• [WHAT IS EXPECTED]
Among the entries, find each line that includes the string "unfold" and list it.

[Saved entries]
Lemma RInt_val_x_dP_P m s cs : 0 < s < 1 ->
  (forall x, P (S m) s x = x ^ S m + spoly cs (S m) x) ->
  RInt_val (fun u => u * dmonic (S m) cs u * P m s u * w s u) 0 1 (- cs m * h m s).
Proof.
  intros Hs Hcs.
  set (R0 := fun u => spoly (fun k => (INR k - INR (S m)) * cs k) m u + cs m * (P m s u - u ^ m)).
  assert (HR0 : deg_lt m R0).
  { apply deg_lt_plus; [apply deg_lt_spoly | apply deg_lt_scal, monic_sub_deg_lt, monic_pow; auto]. }
  assert (Euler : forall u, u * dmonic (S m) cs u = INR (S m) * P (S m) s u - cs m * P m s u + R0 u).
  { intros u. rewrite x_dmonic, Hcs, !spoly_S. unfold R0. rewrite !S_INR. ring. }
  apply RInt_val_ext with (fun u => (INR (S m) * (P (S m) s u * P m s u * w s u)
    - cs m * (P m s u * P m s u * w s u)) + R0 u * P m s u * w s u); [intros; rewrite Euler; ring |].
  replace (- cs m * h m s) with ((INR (S m) * 0 - cs m * h m s) + 0) by ring.
  apply RInt_val_plus.
  - apply RInt_val_minus; apply RInt_val_scal; [apply P_orth | apply P_norm]; auto.
  - apply RInt_val_P_orth_deg_lt; auto.
Qed.

Lemma RInt_val_P_x_dP m s cm : 0 < s < 1 ->
  RInt_val (fun u => P (S m) s u * (u * dmonic m cm u) * w s u) 0 1 0.
Proof.
  intros Hs. apply RInt_val_ext with (fun u => (u * dmonic m cm u) * P (S m) s u * w s u);
    [intros; ring |].
  apply RInt_val_P_orth_deg_lt, deg_lt_x_dmonic; auto.
Qed.

Lemma beta_y_integral m s cs cm I : 0 < s < 1 ->
  (forall x, P (S m) s x = x ^ S m + spoly cs (S m) x) ->
  (forall x, P m s x = x ^ m + spoly cm m x) ->
  improper_int01 (fun u => P (S m) s u * P m s u / (1 - u) * w s u) I ->
  beta * I = - cs m * h m s + B * (P (S m) s s * P m s s * (s * rho s)).
Proof.
  intros Hs Hcs Hcm HI.
  set (dG := fun u => dmonic (S m) cs u * P m s u + P (S m) s u * dmonic m cm u).
  replace (- cs m * h m s) with ((beta + alpha + 1) * 0 + (- cs m * h m s)) by ring.
  apply (beta_improper_by_parts alpha beta alpha_pos beta_pos A B s (fun u => P (S m) s u * P m s u) dG);
    auto.
  - intros u. unfold dG. rewrite Hcs, Hcm.
    apply (derivable_pt_lim_ext (fun u => (u ^ S m + spoly cs (S m) u) * (u ^ m + spoly cm m u)));
      [intros; rewrite Hcs, Hcm; auto |].
    apply (derivable_pt_lim_mult (fun u => u ^ S m + spoly cs (S m) u) (fun u => u ^ m + spoly cm m u));
      apply derivable_pt_lim_monic.
  - intros u. apply continuity_pt_plus; apply continuity_pt_mult;
      try (apply continuity_pt_P; auto); eapply continuity_pt_deg_lt, deg_lt_dmonic.
  - rewrite <- (Rplus_0_r (- cs m * h m s)).
    apply RInt_val_ext with (fun u => u * dmonic (S m) cs u * P m s u * w s u
      + P (S m) s u * (u * dmonic m cm u) * w s u); [intros; unfold dG; ring |].
    apply RInt_val_plus; [apply RInt_val_x_dP_P | apply RInt_val_P_x_dP]; auto.
Qed.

• [EXERCISE RESULT]
  { intros u. rewrite x_dmonic, Hcs, !spoly_S. unfold R0. rewrite !S_INR. ring. }
  - intros u. unfold dG. rewrite Hcs, Hcm.
      + P (S m) s u * (u * dmonic m cm u) * w s u); [intros; unfold dG; ring |].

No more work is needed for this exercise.